Friday, June 24th, 2005

I hate computers. Thinking it may be a good idea to consolidate some of our machines into virtual images under Xen, UML, or VServers.

Recently my workstation ran out of memory/swap at nearly 1 year uptime. It hadn't been rebooted since I moved into the house. Of course, Linux went crazy and killed the X server instead of whatever was responsible, so the console was unusable, and ssh couldn't fork a shell process, so I had no choice but to hit the reset button.

Today:
The power went out at home around 4:30 while I was at work. Eventually, the UPSes shut down, so I noticed a lack of network connectivity to my home machines at that point. The UPSes powered back on, but hardly any machine came back up correctly. The server console IBM keyboard was non-functional for some reason…

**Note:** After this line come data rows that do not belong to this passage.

(* Consider two words $ubav$ and $uabv$ with $a,b \in A$. Let $(x_\ell,y_\ell)$ denote the attribute of position $\ell$ in $ubav$, and let $(x'_\ell,y'_\ell)$ denote the attribute of position $\ell$ in $uabv$. Suppose that $|ub| = i$ and that the attributes $(x_i,y_i)$ and $(x_{i+1},y_{i+1})$ satisfy $x_i = x_{i+1}$. Then all positions $\ell$ satisfy $x'_\ell = x_\ell$.
   Context: $A$ is a finite alphabet. An $\mathsf{X}$-ranker is a nonempty word over $\{\mathsf{X}_a : a\in A\}$ (''go to the next $a$-position'', starting with the first $a$-position) and a $\mathsf{Y}$-ranker a nonempty word over $\{\mathsf{Y}_a : a\in A\}$ (''go to the previous $a$-position'', starting with the last $a$-position). The attribute of position $\ell$ of a word is $(x_\ell,y_\ell)$, where $x_\ell$ (resp. $y_\ell$) is the length of a shortest $\mathsf{X}$-ranker (resp. $\mathsf{Y}$-ranker) reaching $\ell$. *)

From mathcomp Require Import all_boot.
Set Implicit Arguments. Unset Strict Implicit. Unset Printing Implicit Defensive.

(* Positions of a word w are 1, ..., size w; position q carries nth _ w q.-1.
   Position 0 (resp. size w + 1) is the virtual start point of X- (resp. Y-)rankers. *)
Section Rankers.
Variable A : finType.

(* X_a from position p : the first a-position strictly after p. *)
Definition nextX (w : seq A) (c : A) (p : nat) : option nat :=
  let k := find (pred1 c) (drop p w) in
  if k < size (drop p w) then Some (p + k).+1 else None.

(* Y_a from position p : the last a-position strictly before p. *)
Definition prevY (w : seq A) (c : A) (p : nat) : option nat :=
  let s := rev (take p.-1 w) in
  let k := find (pred1 c) s in
  if k < size s then Some (p.-1 - k) else None.

Definition runX (w : seq A) (r : seq A) : option nat :=
  foldl (fun op c => obind (nextX w c) op) (Some 0) r.

Definition runY (w : seq A) (r : seq A) : option nat :=
  foldl (fun op c => obind (prevY w c) op) (Some (size w).+1) r.

(* x-attribute: length of a shortest (nonempty) X-ranker reaching position l.
   For 1 <= l <= size w such a ranker of length <= l exists, so the search over
   lengths 1 .. size w finds it. *)
Definition xattr (w : seq A) (l : nat) : nat :=
  (find (fun n => [exists t : n.+1.-tuple A, runX w t == Some l]) (iota 0 (size w))).+1.

Definition yattr (w : seq A) (l : nat) : nat :=
  (find (fun n => [exists t : n.+1.-tuple A, runY w t == Some l]) (iota 0 (size w))).+1.

End Rankers.

From mathcomp Require Import all_boot zify.
Set Implicit Arguments. Unset Strict Implicit. Unset Printing Implicit Defensive.

(* Let s = |u|, so the two swapped letters sit at positions s+1 and s+2.  Since
   x_l <= n iff some X-ranker of length <= n reaches l, it suffices to show that
   in ubav and in uabv the same positions are reachable in at most n steps.  A
   step X_c from any q other than s+1 lands at the same place in both words up to
   exchanging s+1 and s+2, and the hypothesis x_i = x_{i+1} says precisely that
   the reachable sets of ubav are invariant under this exchange.  From s+1 the
   positions reachable in one step are s+2 and whatever is reachable in one step
   from s+2, in both words.  Induction on n then identifies the reachable sets. *)

Lemma find_iota_ltn (P : pred nat) N n :
  has P (iota 0 N) -> (find P (iota 0 N) < n) = has P (iota 0 n).
Proof.
move=> hasP_N; apply/idP/hasP => [lt_n | [j]].
- have lt_N : find P (iota 0 N) < N by rewrite -[N in _ < N](size_iota 0) -has_find.
  exists (find P (iota 0 N)); first by rewrite mem_iota.
  by have := nth_find 0 hasP_N; rewrite nth_iota.
- rewrite mem_iota add0n => lt_jn Pj; apply: leq_ltn_trans lt_jn.
  rewrite leqNgt; apply/negP => lt_j.
  have lt_jN : j < N.
    by apply: leq_trans lt_j _; rewrite -[N in _ <= N](size_iota 0) find_size.
  by have := before_find 0 lt_j; rewrite nth_iota // add0n Pj.
Qed.

Definition swap_pos (s l : nat) : nat :=
  if l == s.+1 then s.+2 else if l == s.+2 then s.+1 else l.

Lemma swap_posK s : involutive (swap_pos s).
Proof.
move=> l; rewrite /swap_pos.
have [->|ne1] := eqVneq l s.+1; first by rewrite eqxx eqSS (gtn_eqF (ltnSn s)).
have [->|ne2] := eqVneq l s.+2; first by rewrite eqxx.
by rewrite (negbTE ne1) (negbTE ne2).
Qed.

Lemma swap_pos_out s l : (l <= s) || (s.+2 < l) -> swap_pos s l = l.
Proof.
move=> out_l; rewrite /swap_pos.
have [eq1|_] := eqVneq l s.+1; first by move: out_l; rewrite eq1; lia.
have [eq2|//] := eqVneq l s.+2.
by move: out_l; rewrite eq2; lia.
Qed.

Section NextPosition.
Variable A : finType.
Implicit Types (w : seq A) (c : A).

Lemma nextX_bounds w c q l : nextX w c q = Some l -> q < l <= size w.
Proof.
rewrite /nextX size_drop; case: ifP => // lt_find [<-].
move: lt_find; set k := find _ _; lia.
Qed.

Lemma nextX_drop w1 w2 c q : drop q w1 = drop q w2 -> nextX w1 c q = nextX w2 c q.
Proof. by rewrite /nextX => ->. Qed.

Lemma nextX_nth w x0 c q : q < size w ->
  nextX w c q = if nth x0 w q == c then Some q.+1 else nextX w c q.+1.
Proof.
move=> lt_q; rewrite /nextX (drop_nth x0 lt_q) /=.
by case: eqP => _; rewrite ?addn0 // ltnS addnS addSn.
Qed.

Lemma nextX_cat w1 w2 c q : q <= size w1 ->
  nextX (w1 ++ w2) c q =
  if has (pred1 c) (drop q w1) then nextX w1 c q
  else omap (addn (size w1)) (nextX w2 c 0).
Proof.
move=> le_q; have drop_q : drop q (w1 ++ w2) = drop q w1 ++ w2.
  rewrite drop_cat; case: ltnP => // ge_q.
  have -> : q = size w1 by apply/eqP; rewrite eqn_leq le_q.
  by rewrite subnn drop0 drop_size.
rewrite /nextX drop_q find_cat size_cat drop0.
have [has_c|_] := boolP (has (pred1 c) (drop q w1)).
  by move: (has_c); rewrite has_find => lt_find; rewrite lt_find ltn_addr.
rewrite ltn_add2l; case: ifP => //= _.
by congr Some; rewrite size_drop; lia.
Qed.

End NextPosition.

Section Reachability.
Variable A : finType.
Implicit Types (w r : seq A) (c : A).

(* Unlike in [xattr], the empty ranker is allowed here; it reaches the virtual
   position 0. *)
Definition reachX w (n l : nat) : Prop := exists2 r, size r <= n & runX w r = Some l.

Lemma runX_rcons w r c : runX w (rcons r c) = obind (nextX w c) (runX w r).
Proof. by rewrite /runX foldl_rcons. Qed.

Lemma runX_take w l : l <= size w -> runX w (take l w) = Some l.
Proof.
elim: l => [|l IHl] lt_l; first by rewrite take0.
case: w IHl lt_l => // x0 w' IHl lt_l.
rewrite (take_nth x0) // runX_rcons IHl ?(ltnW lt_l) //=.
by rewrite (nextX_nth x0) // eqxx.
Qed.

Lemma reachX0 w l : reachX w 0 l -> l = 0.
Proof. by case=> r; rewrite leqn0 => /nilP -> [<-]. Qed.

Lemma reachX_start w n : reachX w n 0.
Proof. by exists [::]. Qed.

Lemma reachXW w n l : reachX w n l -> reachX w n.+1 l.
Proof. by case=> r le_r run_r; exists r; first exact: leqW. Qed.

Lemma reachX_step w n q c l :
  reachX w n q -> nextX w c q = Some l -> reachX w n.+1 l.
Proof.
case=> r le_r run_r next_q; exists (rcons r c); first by rewrite size_rcons.
by rewrite runX_rcons run_r.
Qed.

Lemma reachXS_inv w n l : reachX w n.+1 l ->
  l = 0 \/ exists q c, reachX w n q /\ nextX w c q = Some l.
Proof.
case=> r; case/lastP: r => [_ [<-]|r c]; first by left.
rewrite size_rcons ltnS runX_rcons => le_r.
case run_r: (runX w r) => [q|] //= next_q.
by right; exists q, c; split => //; exists r.
Qed.

Lemma xattr_leP w l n : 0 < l <= size w -> xattr w l <= n <-> reachX w n l.
Proof.
case/andP=> l_gt0 le_l.
pose P j := [exists t : j.+1.-tuple A, runX w t == Some l].
have PP j : reflect (exists2 r, size r = j.+1 & runX w r = Some l) (P j).
  apply: (iffP existsP) => [[t /eqP run_t] | [r /eqP size_r run_r]].
    by exists t; rewrite ?size_tuple.
  by exists (Tuple size_r); apply/eqP.
have has_N : has P (iota 0 (size w)).
  apply/hasP; exists l.-1; first by rewrite mem_iota; lia.
  by apply/PP; exists (take l w); rewrite ?size_takel ?prednK ?runX_take.
rewrite /xattr -/P [_ < n]find_iota_ltn //.
split=> [/hasP[j] | [r le_r run_r]].
  by rewrite mem_iota => lt_j /PP[r size_r run_r]; exists r; rewrite ?size_r.
have size_gt0 : 0 < size r by case: r run_r {le_r} => // -[l0]; rewrite -l0 in l_gt0.
apply/hasP; exists (size r).-1; first by rewrite mem_iota; lia.
by apply/PP; exists r; rewrite ?prednK.
Qed.

End Reachability.

Section SwapAdjacent.
Variables (A : finType) (u v : seq A).
Implicit Types (c x y : A).

Lemma nextX_swap_far x y c q : (size u).+2 <= q ->
  nextX (u ++ y :: x :: v) c q = nextX (u ++ x :: y :: v) c q.
Proof.
move=> le_q.
have lt_q : (q < size u) = false by apply/negbTE; rewrite -leqNgt; lia.
apply: nextX_drop; rewrite !(drop_cat q u) lt_q.
by have -> : q - size u = (q - (size u).+2).+2 by lia.
Qed.

Lemma nextX_swap_prefix x y c q : x != y -> q <= size u ->
  nextX (u ++ y :: x :: v) c q = omap (swap_pos (size u)) (nextX (u ++ x :: y :: v) c q).
Proof.
move=> neq_xy le_q; rewrite !(nextX_cat _ _ le_q); case: ifP => _.
  case E: (nextX u c q) => [l|] //=; rewrite swap_pos_out //.
  by have /andP[_ ->] := nextX_bounds E.
rewrite !(@nextX_nth _ (y :: x :: v) x c 0, @nextX_nth _ (y :: x :: v) x c 1,
          @nextX_nth _ (x :: y :: v) x c 0, @nextX_nth _ (x :: y :: v) x c 1) //=.
rewrite (@nextX_drop _ (y :: x :: v) (x :: y :: v) c 2 erefl).
have [<-|ne_yc] := eqVneq y c.
  by rewrite /= (negbTE neq_xy) /= /swap_pos addn1 addn2 eqxx eqSS (gtn_eqF (ltnSn _)).
have [_|_] := eqVneq x c; first by rewrite /= /swap_pos addn1 addn2 eqxx.
case E: (nextX _ c 2) => [l|] //=; rewrite swap_pos_out //.
by have := nextX_bounds E; lia.
Qed.

Lemma nextX_swap x y c q : x != y -> q != (size u).+1 ->
  nextX (u ++ y :: x :: v) c q = omap (swap_pos (size u)) (nextX (u ++ x :: y :: v) c q).
Proof.
move=> neq_xy; case: ltngtP => // [lt_q | gt_q] _; first exact: nextX_swap_prefix.
rewrite nextX_swap_far //; case E: (nextX _ c q) => [l|] //=; rewrite swap_pos_out //.
by have := nextX_bounds E; lia.
Qed.

Lemma nextX_swap_mid x y c :
  nextX (u ++ x :: y :: v) c (size u).+1 =
  if y == c then Some (size u).+2 else nextX (u ++ y :: x :: v) c (size u).+2.
Proof.
rewrite (nextX_nth x); last by rewrite size_cat /=; lia.
by rewrite nth_cat ltnNge leqnSn subSnn nextX_swap_far.
Qed.

Lemma reachX_swap_step x y n : x != y ->
  (forall l, reachX (u ++ x :: y :: v) n l -> reachX (u ++ y :: x :: v) n l) ->
  (reachX (u ++ x :: y :: v) n (size u).+1 -> reachX (u ++ y :: x :: v) n (size u).+2) ->
  forall l, reachX (u ++ x :: y :: v) n.+1 l ->
    reachX (u ++ y :: x :: v) n.+1 (swap_pos (size u) l).
Proof.
move=> neq_xy sub mid l /reachXS_inv [-> | [q [c [reach_q next_q]]]].
  by rewrite swap_pos_out //; apply: reachX_start.
have [eq_q | ne_q] := eqVneq q (size u).+1; last first.
  by apply: (reachX_step (c := c) (sub _ reach_q)); rewrite nextX_swap // next_q.
move: next_q; rewrite eq_q nextX_swap_mid in reach_q *.
case: eqP => [_ [<-] | _ next_q].
  rewrite /swap_pos eqSS (gtn_eqF (ltnSn _)) eqxx.
  exact/reachXW/sub.
rewrite swap_pos_out; first exact: reachX_step (mid reach_q) next_q.
by have := nextX_bounds next_q; lia.
Qed.

Lemma reachX_swap x y : x != y ->
  (forall n, reachX (u ++ x :: y :: v) n (size u).+1 <-> reachX (u ++ x :: y :: v) n (size u).+2) ->
  forall n l, reachX (u ++ x :: y :: v) n l <-> reachX (u ++ y :: x :: v) n l.
Proof.
move=> neq_xy reach12.
have reach_swap n l : reachX (u ++ x :: y :: v) n (swap_pos (size u) l) <-> reachX (u ++ x :: y :: v) n l.
  rewrite /swap_pos; case: eqP => [-> | _]; first by rewrite reach12.
  by case: eqP => [-> | _] //; rewrite reach12.
elim=> [|n IHn] l.
  by split=> /reachX0 ->; apply: reachX_start.
split=> [reach_l | reach'_l].
  rewrite -[l](swap_posK (size u)).
  apply: reachX_swap_step neq_xy _ _ _ _ => [m /IHn // | /reach12 /IHn // |].
  exact/reach_swap.
apply/reach_swap; apply: reachX_swap_step _ _ _ _ reach'_l; first by rewrite eq_sym.
  by move=> m /IHn.
by move=> /IHn /reach12.
Qed.

End SwapAdjacent.

Theorem lemma10 (A : finType) (u v : seq A) (a b : A) (i : nat) :
  size (u ++ [:: b]) = i ->
  xattr (u ++ b :: a :: v) i = xattr (u ++ b :: a :: v) i.+1 ->
  forall l : nat, 1 <= l <= size (u ++ b :: a :: v) ->
    xattr (u ++ a :: b :: v) l = xattr (u ++ b :: a :: v) l.
Proof.
rewrite size_cat addn1 => <- eq_x l range_l.
have [-> // | neq_ba] := eqVneq b a.
have size_swap : size (u ++ a :: b :: v) = size (u ++ b :: a :: v) by rewrite !size_cat.
have reach12 n : reachX (u ++ b :: a :: v) n (size u).+1 <-> reachX (u ++ b :: a :: v) n (size u).+2.
  by rewrite -!xattr_leP ?eq_x //; rewrite size_cat /=; lia.
have le_x k : xattr (u ++ a :: b :: v) l <= k <-> xattr (u ++ b :: a :: v) l <= k.
  by rewrite !xattr_leP ?size_swap // (reachX_swap neq_ba reach12).
by apply/anti_leq/andP; split; [apply/le_x | apply/le_x].
Qed.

router: Couldn't bring up the network because of a malformed interfaces file that it had previously accepted. DNS server was non-functional, upgraded to latest version and re-did config files, seemed to fix it.
hydra: Can't find kernel. Of course, this machine has a non-functional PS/2 keyboard/mouse bus, so a console is impossible to use on it. The hard drive will have to be examined in another machine.
dbz: Couldn't log in because pam_krb5 couldn't find krb5.conf – even though pam_krb5 is optional! Sigh. I have the same problem on laptops since they are frequently disconnected from the network. Filed a bug.
zephyr: Came back up and auto-fscked after the outage. Spewing ATA errors all over the console because the Maxtor drive is all of a sudden dying, fsck continues blindly and “fixes” whatever it finds, probably trashing whatever I might have otherwise been able to recover. A SMART test on the drive fails out immediately. Applied for advance RMA. May have to send this one to a recovery house. fsck should not be so braindead when there is obviously a failing hardware. It should also not attempt to fsck partitions which are set 'noauto'. Just in case, I will be getting a new power supply for this machine because this is the third Maxtor drive which has failed within two years with it.
fileserver: Rebooted into 2.6 kernel with no RAID. ide-generic is not depended on by any IDE drivers, so it had to be entered into the initrd modules list or no hard drive was accessible. Apparently RAID and udev don't get along, so mdadm needs to create the md device nodes. CPU fan alarm was on, but this time it was not a false alarm – CPU2 fan had become clogged and noisy. Took it off the heatsink, blew both pieces off with compressed air, and oiled the fan, plugged the hole with lithium grease since it was previously capped with hard plastic. We will see how long it lasts.

blizzard,aurora,syrinx: since fileserver and DNS were down, these machines were very confused.
laptop: CD drive no longer responds correctly to ATA identify commands, so the drive is impossible to use.

I definitely need a supply of spare fans as well as a big enough hard drive to back up my 200 gig, two 40 gigs and 20 gig. Hard drive failures are ridiculously annoying.